Remember when Copilot was basically a super-smart version of Intellisense? It was awesome. Sure, there was a lot of pushback and concern, mainly about licensing and ethical issues, none of which are solved with the current chatbot model. But now I also have to come up with a prompt and type it out. How is that an improvement over having the LLM use surrounding code as context and figure out how to fill in the blanks? A well integrated tool beats a bolted-on chatbot any time for me. Another example would be translation: in Firefox, I can right click any text or click the 文/A button, and I can translate the text or the whole page from basically any language to any other. The frontier LLM's solution is to prompt their chatbot to do the task, which is a downgrade. Sure, I could also ask Claude to write a poem, but when I need to translate a webpage, it doesn't help much.

I get why all major AI companies push towards this solution, because they can build a single tool and sell it to everyone, and that training their models is very expensive and they can't afford to alienate any part of the potential market. But ultimately they're building Swiss army knives, which are able to do basically anything, but will never be able to allow users to tighten a screw better than a well designed screwdriver. Sure, I won't ever be able to clip my nails with a screwdriver, but if my business is tightening screws, I won't tolerate using a Swiss army knife for long.

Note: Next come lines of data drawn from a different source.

(* Suppose $m\ge n\ge 2$. If $P_1,\dots,P_\ell$ are deterministic perfect channels from $\{1,\dots,m\}$ to $\{1,\dots,n\}$ such that at least one column of $P_1+\cdots+P_\ell$ has no entry equal to $\ell$, then $\{P_1,\dots,P_\ell\}$ is not $\mathcal{I}$-minimized.
   Context: Channels from $\{1,\dots,m\}$ to $\{1,\dots,n\}$ are $m\times n$ row-stochastic matrices; $\mathcal{D}$ is the set of deterministic (0-1) channels, $\mathrm{rank}(D)$ the matrix rank. A deterministic perfect channel is a deterministic channel of rank $\min(m,n)$. For a channel $W$, $\Lambda(W)=\{\lambda\text{ probability distribution on }\mathcal{D}: W=\sum_D\lambda_DD\}$, $C_{11}(\lambda)=\sum_D\lambda_D\log_2\mathrm{rank}(D)$, $\underline{C}_{11}(W)=\inf_{\lambda\in\Lambda(W)}C_{11}(\lambda)$. A subset $S\subseteq\mathcal{D}$ is $\mathcal{I}$-minimized if there is a probability distribution $\lambda$ on $\mathcal{D}$ with $\mathrm{supp}(\lambda)=S$ and $C_{11}(\lambda)=\underline{C}_{11}(W)$ where $W=\sum_D\lambda_DD$. *)

From HB Require Import structures.
From mathcomp Require Import all_boot all_order all_algebra.
From mathcomp Require Import classical_sets reals exp.
Set Implicit Arguments. Unset Strict Implicit. Unset Printing Implicit Defensive.
Import Order.TTheory GRing.Theory Num.Theory.
Local Open Scope ring_scope.

(* Deterministic (0-1 row-stochastic) m x n channels are in bijection with
   maps 'I_m -> 'I_n : row i has its unique 1 in column f i. *)
Definition detch (m n : nat) := {ffun 'I_m -> 'I_n}.

Definition dmx {R : realType} {m n : nat} (f : detch m n) : 'M[R]_(m, n) :=
  \matrix_(i < m, j < n) (f i == j)%:R.

Definition log2 {R : realType} (x : R) : R := ln x / ln 2.

Definition is_distr {R : realType} {m n : nat} (lam : {ffun detch m n -> R}) :=
  (forall D, 0 <= lam D) /\ \sum_D lam D = 1.

Definition mix {R : realType} {m n : nat} (lam : {ffun detch m n -> R}) : 'M[R]_(m, n) :=
  \sum_D lam D *: dmx D.

Definition Lambda {R : realType} {m n : nat} (W : 'M[R]_(m, n)) :
  set {ffun detch m n -> R} :=
  [set lam | is_distr lam /\ W = mix lam].

Definition C11 {R : realType} {m n : nat} (lam : {ffun detch m n -> R}) : R :=
  \sum_D lam D * log2 ((\rank (@dmx R m n D))%:R).

Definition uC11 {R : realType} {m n : nat} (W : 'M[R]_(m, n)) : R :=
  inf [set C11 lam | lam in Lambda W].

Definition supp {R : realType} {m n : nat} (lam : {ffun detch m n -> R}) :
  {set detch m n} := [set D | lam D != 0].

Definition I_minimized (R : realType) {m n : nat} (S : {set detch m n}) : Prop :=
  exists lam : {ffun detch m n -> R},
    [/\ is_distr lam, supp lam = S & C11 lam = uC11 (mix lam)].

Definition perfect (R : realType) {m n : nat} (D : detch m n) : Prop :=
  \rank (@dmx R m n D) = minn m n.

From HB Require Import structures.
From mathcomp Require Import all_boot all_order all_algebra.
From mathcomp Require Import classical_sets reals exp.
Set Implicit Arguments. Unset Strict Implicit. Unset Printing Implicit Defensive.
Import Order.TTheory GRing.Theory Num.Theory.
Local Open Scope ring_scope.

(* Every perfect channel in the support has rank n, so an I-minimizing [lam]
   has C11 = log2 n.  But the row-product distribution
   [f |-> prod_i W i (f i)] also decomposes W = mix lam, and it charges the
   channel that, in each row i, follows some P_k with P_k(i) <> j.  That
   channel misses column j, so its rank is below n and the C11 of the product
   distribution is strictly smaller than log2 n. *)

Lemma ln2_gt0 (R : realType) : 0 < ln (2 : R).
Proof. by rewrite ln_gt0 // ltr1n. Qed.

Lemma log2_nat_le (R : realType) (r s : nat) : (r <= s)%N ->
  log2 (r%:R : R) <= log2 (s%:R : R).
Proof.
move=> le_rs; rewrite /log2 ler_pM2r ?invr_gt0 ?ln2_gt0 //.
case: r le_rs => [|r] le_rs; last first.
  by rewrite ler_ln ?posrE ?ltr0n ?ler_nat // (leq_trans _ le_rs).
rewrite ln0 //; case: s le_rs => [|s] _; first by rewrite ln0.
by rewrite ln_ge0 // ler1n.
Qed.

Lemma log2_nat_lt (R : realType) (r s : nat) : (r < s)%N -> (1 < s)%N ->
  log2 (r%:R : R) < log2 (s%:R : R).
Proof.
move=> lt_rs gt1_s; rewrite /log2 ltr_pM2r ?invr_gt0 ?ln2_gt0 //.
case: r lt_rs => [|r] lt_rs; first by rewrite ln0 // ln_gt0 // ltr1n.
by rewrite ltr_ln ?posrE ?ltr0n ?ltr_nat // (leq_trans _ lt_rs).
Qed.

Lemma log2_nat_ge0 (R : realType) (r : nat) : 0 <= log2 (r%:R : R).
Proof. by have := @log2_nat_le R 0 r (leq0n r); rewrite /log2 ln0 // mul0r. Qed.

Section Channels.

Variables (R : realType) (m n : nat).
Implicit Types (f D : detch m n) (lam : {ffun detch m n -> R}) (W : 'M[R]_(m, n)).

(* A channel avoiding column [j] factors through the n-1 remaining columns. *)
Lemma rank_dmx_avoid f (j : 'I_n) :
  (forall i, f i != j) -> (\rank (dmx f : 'M[R]_(m, n)) <= n.-1)%N.
Proof.
move=> f_avoid.
pose A : 'M[R]_(m, n.-1) := \matrix_(i, k) (f i == lift j k)%:R.
pose B : 'M[R]_(n.-1, n) := \matrix_(k, c) (lift j k == c)%:R.
have -> : dmx f = A *m B.
  apply/matrixP => i c; rewrite !mxE.
  under eq_bigr do rewrite !mxE.
  move: (f_avoid i); case: (unliftP j (f i)) => [k0 ->|->]; last by rewrite eqxx.
  move=> _; rewrite (bigD1 k0) //= eqxx mul1r big1 ?addr0 // => k ne_k.
  by rewrite (inj_eq (@lift_inj _ j)) eq_sym (negbTE ne_k) mul0r.
exact: leq_trans (mxrankM_maxr _ _) (rank_leq_row _).
Qed.

Lemma sum_dmx_neq_missed l (P : 'I_l -> detch m n) i j :
  (\sum_(k < l) dmx (P k) : 'M[R]_(m, n)) i j != l%:R -> exists k, P k i != j.
Proof.
move=> ne_l; apply/existsP; apply: contraR ne_l => /existsPn all_j.
rewrite summxE -[l in l%:R]card_ord -sumr_const; apply/eqP/eq_bigr => k _.
by rewrite mxE (negPn (all_j k)).
Qed.

Lemma mixE lam i c : mix lam i c = \sum_D lam D * (D i == c)%:R.
Proof. by rewrite /mix summxE; apply: eq_bigr => D _; rewrite !mxE. Qed.

Lemma mix_ge_weight lam D i : is_distr lam -> lam D <= mix lam i (D i).
Proof.
move=> [lam_ge0 _]; rewrite mixE (bigD1 D) //= eqxx mulr1 lerDl.
by rewrite sumr_ge0 // => D' _; rewrite mulr_ge0.
Qed.

Lemma mix_ge0 lam i c : is_distr lam -> 0 <= mix lam i c.
Proof.
by move=> [lam_ge0 _]; rewrite mixE sumr_ge0 // => D _; rewrite mulr_ge0.
Qed.

Lemma mix_row_sum lam i : is_distr lam -> \sum_c mix lam i c = 1.
Proof.
move=> [_ lam_sum]; under eq_bigr do rewrite mixE.
rewrite exchange_big -[RHS]lam_sum; apply: eq_bigr => D _.
rewrite -mulr_sumr (bigD1 (D i)) //= eqxx big1 ?addr0 ?mulr1 // => c.
by rewrite eq_sym => /negbTE ->.
Qed.

Lemma supp_gt0 lam D : is_distr lam -> D \in supp lam -> 0 < lam D.
Proof. by move=> [lam_ge0 _]; rewrite inE lt_def => ->; rewrite lam_ge0. Qed.

Definition row_prod_distr W : {ffun detch m n -> R} :=
  [ffun f : detch m n => \prod_i W i (f i)].

Section RowStochastic.

Variable W : 'M[R]_(m, n).
Hypothesis W_ge0 : forall i c, 0 <= W i c.
Hypothesis W_row_sum : forall i, \sum_c W i c = 1.

Lemma row_prod_distrP : is_distr (row_prod_distr W).
Proof.
split=> [f|]; first by rewrite ffunE prodr_ge0.
under eq_bigr do rewrite ffunE.
by rewrite -(bigA_distr_bigA (fun i c => W i c)) big1 // => i _; exact: W_row_sum.
Qed.

(* The (a, b) entry is a product over rows in which row a is restricted to b. *)
Lemma mix_row_prod_distr : mix (row_prod_distr W) = W.
Proof.
apply/matrixP => a b; rewrite /mix summxE.
pose F i c := W i c * (if i == a then (c == b)%:R else 1).
transitivity (\sum_(f : detch m n) \prod_i F i (f i)).
  apply: eq_bigr => f _; rewrite !mxE ffunE /F big_split /=.
  congr (_ * _); rewrite (bigD1 a) //= eqxx big1 ?mulr1 //.
  by move=> i /negbTE ->.
rewrite -(bigA_distr_bigA F) (bigD1 a) //= [X in _ * X]big1 => [|i /negbTE ne_ia].
  rewrite mulr1 /F eqxx (bigD1 b) //= eqxx mulr1 big1 ?addr0 // => c.
  by move/negbTE => ->; rewrite mulr0.
by rewrite /F ne_ia; under eq_bigr do rewrite mulr1.
Qed.

End RowStochastic.

Lemma C11_ge0 lam : is_distr lam -> 0 <= C11 lam.
Proof.
by move=> [lam_ge0 _]; rewrite sumr_ge0 // => D _; rewrite mulr_ge0 ?log2_nat_ge0.
Qed.

Lemma uC11_le_C11 lam : is_distr lam -> uC11 (mix lam) <= C11 lam.
Proof.
move=> lamP; apply: ge_inf; last by exists lam.
by exists 0 => _ [lam' [lam'P _] <-]; exact: C11_ge0.
Qed.

Lemma C11_supp_rank lam r : is_distr lam ->
  (forall D, D \in supp lam -> \rank (dmx D : 'M[R]_(m, n)) = r) ->
  C11 lam = log2 (r%:R : R).
Proof.
move=> [_ lam_sum] rank_supp.
rewrite /C11 -[RHS]mul1r -lam_sum mulr_suml; apply: eq_bigr => D _.
have [->|nz_D] := eqVneq (lam D) 0; first by rewrite !mul0r.
by rewrite rank_supp // inE.
Qed.

Lemma C11_lt_log2 lam f : (1 < n)%N -> is_distr lam -> 0 < lam f ->
  (\rank (dmx f : 'M[R]_(m, n)) < n)%N -> C11 lam < log2 (n%:R : R).
Proof.
move=> gt1_n [lam_ge0 lam_sum] lam_f_gt0 rank_f.
have -> : log2 (n%:R : R) = \sum_D lam D * log2 (n%:R : R).
  by rewrite -mulr_suml lam_sum mul1r.
rewrite /C11 [ltRHS](bigD1 f) //= [ltLHS](bigD1 f) //=.
rewrite ltr_leD ?ltr_pM2l ?log2_nat_lt //.
apply: ler_sum => D _; rewrite ler_wpM2l ?log2_nat_le //.
exact: rank_leq_col.
Qed.

End Channels.

Theorem proposition5 (R : realType) (m n : nat) (hnm : (n <= m)%N) (hn : (2 <= n)%N)
  (l : nat) (P : 'I_l -> detch m n) :
  (forall k, perfect R (P k)) ->
  (exists j : 'I_n, forall i : 'I_m, (\sum_(k < l) @dmx R m n (P k)) i j != l%:R) ->
  ~ I_minimized R [set P k | k : 'I_l].
Proof.
move=> perfP [j col_j] [lam [lamP supp_lam C11_min]].
have C11_lam : C11 lam = log2 (n%:R : R).
  apply: C11_supp_rank => // D; rewrite supp_lam => /imsetP [k _ ->].
  by rewrite perfP (minn_idPr hnm).
have [k k_avoid] := fin_all_exists (fun i => sum_dmx_neq_missed (col_j i)).
pose f0 : detch m n := [ffun i => P (k i) i].
pose W := mix lam; pose lam' := row_prod_distr W.
have W_ge0 i c : 0 <= W i c by exact: mix_ge0.
have W_row_sum i : \sum_c W i c = 1 by exact: mix_row_sum.
have lam'P : is_distr lam' by exact: row_prod_distrP.
have lam'_f0 : 0 < lam' f0.
  rewrite ffunE prodr_gt0 // => i _; rewrite ffunE.
  apply: lt_le_trans (mix_ge_weight _ _ lamP); apply: supp_gt0 lamP _.
  by rewrite supp_lam; apply/imsetP; exists (k i).
have rank_f0 : (\rank (dmx f0 : 'M[R]_(m, n)) < n)%N.
  have f0_avoid i : f0 i != j by rewrite ffunE.
  apply: leq_ltn_trans (rank_dmx_avoid R f0_avoid) _.
  by rewrite ltn_predL (leq_trans _ hn).
have := uC11_le_C11 lam'P.
rewrite (mix_row_prod_distr W_row_sum) -C11_min C11_lam leNgt.
by rewrite (C11_lt_log2 hn lam'P lam'_f0 rank_f0).
Qed.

Please build actual tools. Not textboxes for me to try and configure a non-deterministic tool. Then frustration will go down.


Replies

berkestoday at 9:56 AM

Many of the AI companies do train and release models dedicated at one task.

I mainly use mistral, so that's my reference, but I know anthropic et.al have similar models around.

Codestral is rediculously bad at conversation, but it's -for me- the best model around for "magic autocomplete". It's also pretty good at "one shot" prompt+context generations, e.g. to make "git commit log entries".

Document.AI is unusable bad in a conversation style, but really good when wired up to a simple pipeline as "replacement" for OCR or for indexing "meaning" from documents (I'm experimenting with it for my administration, to get invoices, contracts etc into a search tool).

I presume there are many others like it.

So, what you describe, is already in place. I guess mostly the "interfaces" are missing for you, or hard to discover maybe?

For example, a dedicated model with tool I'd like, is some "shell" -a zsh or bash fork or some wrapper- backed with a dedicated model, trained for "commandline interaction".

Where instead of "git commit --fixup=[opens another terminal to git log the relevant entry]", we can "git fixup the commit that fixes full names" or "ffmpeg convert some.mov to mp4 without sound but keep quality and ratio etc". Or "run any valid tar command - you have ten seconds".

I'm now using the way too heavy "devstral" for these tasks. I don't need it reasoning, conversing, apologising. I need it translating my requests into commands, then showing these to me so I can deny/allow/whitelist/blacklist them and then run them - to interpret *and show me* errors and suggest improvements or fixes etc.

Same for - indeed - translation, writing draft mails, reading documents, etc: I don't need to converse with it. I want to have buttons, shortcuts, "tab complete" etc that's "smart" enough to understand what I need and want, preferably tunable by editing "system prompts" or such and then get out of my way.

I think the company that figures this out for my IDE will win the competition-race of "AI coding tools".

Just today, I found, zed presented a button "git conflict found, resolve with AI" . When pressed, it did start a conversational thread, but its a step in the right direction.